Stored data entries:
────────────────────
(* If $p:X\to Y$ is a covering map with finite fibers and $X$ is paracompact (Hausdorff), then $p$ is an overlay.
   Context: A covering map $p:X\to Y$ is a continuous surjection such that every point of $Y$ has an open neighborhood $V$ with $p^{-1}(V)$ a disjoint union of open sets each mapped homeomorphically onto $V$. For a continuous map $p:X\to Y$: a slice of $p$ is an open set $U\subseteq X$ such that $p^{-1}(p(U))$ is the disjoint union of a family of open sets $U_s$ ($s\in S$), each mapped by $p$ homeomorphically onto $p(U)$, with $U=U_t$ for some $t\in S$. A covering structure of $p$ is an open cover $\mathcal S$ of $X$ by slices of $p$ such that for every $U\in\mathcal S$, $p^{-1}(p(U))$ is the disjoint union of a family $\{U_j\}_{j\in J}$ of elements of $\mathcal S$, each mapped homeomorphically onto $p(U)$. For a cover $\mathcal S$ and $x\in X$, $st(x,\mathcal S)=\bigcup\{U\in\mathcal S: x\in U\}$. An overlay structure of $p$ is a covering structure $\mathcal S$ such that $st(x,\mathcal S)$ is a slice of $p$ for every $x\in X$. The map $p$ is an overlay if it has an overlay structure. *)

From Stdlib Require Import List.

Record TopSpace := {
  carrier :> Type;
  is_open : (carrier -> Prop) -> Prop;
  open_full : is_open (fun _ => True);
  open_inter : forall U V, is_open U -> is_open V -> is_open (fun x => U x /\ V x);
  open_union : forall F : (carrier -> Prop) -> Prop,
      (forall U, F U -> is_open U) -> is_open (fun x => exists U, F U /\ U x)
}.

Arguments is_open {t} _.

Section Topo.
Context {X Y : TopSpace}.

Definition set_eq (A B : X -> Prop) : Prop := forall x, A x <-> B x.

Definition open_in {Z : TopSpace} (A S : Z -> Prop) : Prop :=
  exists O : Z -> Prop, is_open O /\ forall z, S z <-> (A z /\ O z).

Definition image (p : X -> Y) (A : X -> Prop) : Y -> Prop :=
  fun y => exists x, A x /\ p x = y.

Definition continuous (p : X -> Y) : Prop :=
  forall V : Y -> Prop, is_open V -> is_open (fun x => V (p x)).

Definition homeo_onto (p : X -> Y) (U : X -> Prop) (V : Y -> Prop) : Prop :=
  (forall x, U x -> V (p x)) /\
  (forall x x', U x -> U x' -> p x = p x' -> x = x') /\
  (forall y, V y -> exists x, U x /\ p x = y) /\
  (forall W : Y -> Prop, open_in V W -> open_in U (fun x => U x /\ W (p x))) /\
  (forall W : X -> Prop, open_in U W -> open_in V (image p W)).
────────────────────
> [WHAT THE TASK ASKS]:
Every line from the line containing "is_open : (carrier -> Prop) -> Prop;" through the line containing "Definition set_eq (A" in the records above must be retyped exactly. Leave out the rest.

> [ANSWER TO THE EXERCISE]:
  is_open : (carrier -> Prop) -> Prop;
  open_full : is_open (fun _ => True);
  open_inter : forall U V, is_open U -> is_open V -> is_open (fun x => U x /\ V x);
  open_union : forall F : (carrier -> Prop) -> Prop,
      (forall U, F U -> is_open U) -> is_open (fun x => exists U, F U /\ U x)
}.

Arguments is_open {t} _.

Section Topo.
Context {X Y : TopSpace}.

Definition set_eq (A B : X -> Prop) : Prop := forall x, A x <-> B x.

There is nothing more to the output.